## The task
All lines from the one containing "Definition F_defect x" down to the one containing "x) (Cmod q) Hr). intros n.", both ends included, are to be given again exactly; omit the rest of the listing below.

◆ ◆ ◆

Lemma F_boundary_cv0 x j : Ccv (F_boundary x j) 0.
Proof.
  destruct coef_le as [K HK]. destruct (Ccv_bounded _ _ (ratio_cv1 x)) as [M HM].
  apply (Ccv_geom_bound _ _ (K * 2 * M) (Cmod q) Hr). intros n.
  unfold F_boundary. rewrite Csub_0_r, !Cmod_mult, Cmod_opp.
  assert (H1q : (Cmod (1 - q ^ n) <= 2)%R).
  { unfold Cminus. eapply Rle_trans; [apply Cmod_triangle|].
    rewrite Cmod_opp, Cmod_1, Cmod_pow. pose proof (pow_le1 (Cmod q) n ltac:(lra)). lra. }
  replace (K * 2 * M * Cmod q ^ n)%R with (K * Cmod q ^ n * 2 * M)%R by ring.
  apply Rmult_le_compat; auto using Rmult_le_pos, Cmod_ge_0.
  apply Rmult_le_compat; auto using Cmod_ge_0.
Qed.

Lemma F_three_term x : nonsingular x ->
  (1 - x) * F x + x * q * (b - 1) * F (x * q) - (1 - x * b * q ^ 2) * F (x * q * q) = 0.
Proof.
  intros H. apply (Ccv_unique (fun N => - x * F_boundary x 0 N + x * b * q * F_boundary x 1 N)).
  - apply (Ccv_ext _ _ _ (fun N => psum_F_three_term x N H)).
    apply Ccv_minus; [apply Ccv_plus|]; apply Ccv_scal; [apply F_cv | apply F_mul_q_cv|].
    apply (Ccv_ext (psum (fun k => coef k * ratio (x * q) (S k)))); [|apply F_mul_q_cv].
    intros n. apply psum_ext. intros k. rewrite !ratio_S. reflexivity.
  - replace (RtoC 0) with (- x * 0 + x * b * q * 0) by ring.
    apply Ccv_plus; apply Ccv_scal, F_boundary_cv0.
Qed.

Definition F_defect x := (1 - x) * F x - (1 - b * q * x) * F (x * q).

Lemma F_defect_mul_q x : nonsingular x -> F_defect (x * q) = - F_defect x.
Proof.
  intros H. apply Ceq_minus. rewrite <- (F_three_term x H). unfold F_defect. ring.
Qed.

Lemma Cmod_F_defect_mul_qpow x N : nonsingular x ->
  Cmod (F_defect (x * q ^ N)) = Cmod (F_defect x).
Proof.
  intros H. induction N as [|N IH]; [rewrite Cmult_1_r; reflexivity|].
  replace (x * q ^ S N) with (x * q ^ N * q) by (simpl; ring).
  rewrite F_defect_mul_q, Cmod_opp by (apply nonsingular_mul_qpow, H). exact IH.
Qed.

Lemma F_mul_qpow_cv x : Ccv (fun N => F (x * q ^ N)) (qbin_series q b (- q)).
Proof.
  destruct coef_le as [K HK].
  apply (Ccv_ext (fun N => Clim (psum (fun k => coef k * ratio x (k + N)%nat)))).
  { intros N. apply Clim_ext. intros n. apply psum_ext. intros k. rewrite ratio_add. reflexivity. }
  exact (Clim_psum_shift_cv coef (ratio x) K (Cmod q) Hr HK (ratio_cv1 x)).
Qed.

Lemma F_defect_eq0 x : nonsingular x -> F_defect x = 0.
Proof.
  intros H. apply Cmod_eq_0, (Cmod_const_of_Ccv0 (fun N => F_defect (x * q ^ N))).
  2: intros N; apply Cmod_F_defect_mul_qpow, H.
  assert (Hx : Ccv (fun N => x * q ^ N) 0).
  { apply (Ccv_geom_bound _ _ (Cmod x) (Cmod q) Hr). intros n.
    rewrite Csub_0_r, Cmod_mult, Cmod_pow. lra. }
  unfold F_defect.
  replace (RtoC 0) with ((1 - 0) * qbin_series q b (- q) - (1 - b * q * 0) * qbin_series q b (- q))
    by ring.
  apply Ccv_minus; apply Ccv_mult.
  - apply Ccv_minus; [apply Ccv_const | exact Hx].
  - apply F_mul_qpow_cv.
  - apply Ccv_minus; [apply Ccv_const | apply Ccv_scal, Hx].
  - apply (Ccv_ext (fun N => F (x * q ^ (N + 1))));
      [|apply (Ccv_shift (fun N => F (x * q ^ N))), F_mul_qpow_cv].
    intros n. rewrite Nat.add_1_r. simpl. f_equal. ring.
Qed.

Lemma F_closed_form x : nonsingular x ->
  qpoch_inf x q * F x = qpoch_inf (b * q * x) q * qbin_series q b (- q).
Proof.
  intros H. apply (qdifference_solution q (b * q) nonsingular F x _ Hq nonsingular_mul_q).
  - intros y Hy. apply Ceq_minus, F_defect_eq0, Hy.
  - exact H.
  - apply F_mul_qpow_cv.
Qed.

End SeriesF.

Theorem mainTheorem3 (q a b : C) :
  0 < Cmod q -> Cmod q < 1 ->
  (forall j : nat, a * q ^ j <> 1) ->
  is_series
    (fun k : nat =>
       qpoch b q k / qpoch q q k
       * (qpoch_inf (a * b ^ 2 * q ^ (2 + k)) (q ^ 2) / qpoch_inf (a * q ^ k) (q ^ 2))
       * ((- 1) ^ k * q ^ k))
    (qpoch_inf (- b * q) q * qpoch_inf (a * b * q) q
       / (qpoch_inf (- q) q * qpoch_inf a q)).
Proof.
  intros _ Hq Ha.
  assert (Hval : F q b a = qpoch_inf (- b * q) q * qpoch_inf (a * b * q) q
                           / (qpoch_inf (- q) q * qpoch_inf a q)).
  { assert (Hnz : qpoch_inf a q <> 0) by (apply qpoch_inf_neq0; assumption).
    transitivity (qpoch_inf a q * F q b a / qpoch_inf a q); [field; exact Hnz|].
    rewrite F_closed_form, qbin_series_neg_q by assumption.
    replace (b * q * a) with (a * b * q) by ring.
    field. split; [exact Hnz | apply qpoch_inf_neg_q_neq0, Hq]. }
  rewrite <- Hval. apply is_series_of_Ccv_psum.
  apply (Ccv_ext (psum (fun k => coef q b k * ratio q b a k))); [|apply F_cv, Hq].
  intros n. apply psum_ext. intros k. unfold coef, ratio, qbin_coef.
  replace (- q) with (- 1 * q) by ring. rewrite Cpow_mult_l. ring.
Qed.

◆ ◆ ◆

## Solution to this task
Definition F_defect x := (1 - x) * F x - (1 - b * q * x) * F (x * q).

Lemma F_defect_mul_q x : nonsingular x -> F_defect (x * q) = - F_defect x.
Proof.
  intros H. apply Ceq_minus. rewrite <- (F_three_term x H). unfold F_defect. ring.
Qed.

Lemma Cmod_F_defect_mul_qpow x N : nonsingular x ->
  Cmod (F_defect (x * q ^ N)) = Cmod (F_defect x).
Proof.
  intros H. induction N as [|N IH]; [rewrite Cmult_1_r; reflexivity|].
  replace (x * q ^ S N) with (x * q ^ N * q) by (simpl; ring).
  rewrite F_defect_mul_q, Cmod_opp by (apply nonsingular_mul_qpow, H). exact IH.
Qed.

Lemma F_mul_qpow_cv x : Ccv (fun N => F (x * q ^ N)) (qbin_series q b (- q)).
Proof.
  destruct coef_le as [K HK].
  apply (Ccv_ext (fun N => Clim (psum (fun k => coef k * ratio x (k + N)%nat)))).
  { intros N. apply Clim_ext. intros n. apply psum_ext. intros k. rewrite ratio_add. reflexivity. }
  exact (Clim_psum_shift_cv coef (ratio x) K (Cmod q) Hr HK (ratio_cv1 x)).
Qed.

Lemma F_defect_eq0 x : nonsingular x -> F_defect x = 0.
Proof.
  intros H. apply Cmod_eq_0, (Cmod_const_of_Ccv0 (fun N => F_defect (x * q ^ N))).
  2: intros N; apply Cmod_F_defect_mul_qpow, H.
  assert (Hx : Ccv (fun N => x * q ^ N) 0).
  { apply (Ccv_geom_bound _ _ (Cmod x) (Cmod q) Hr). intros n.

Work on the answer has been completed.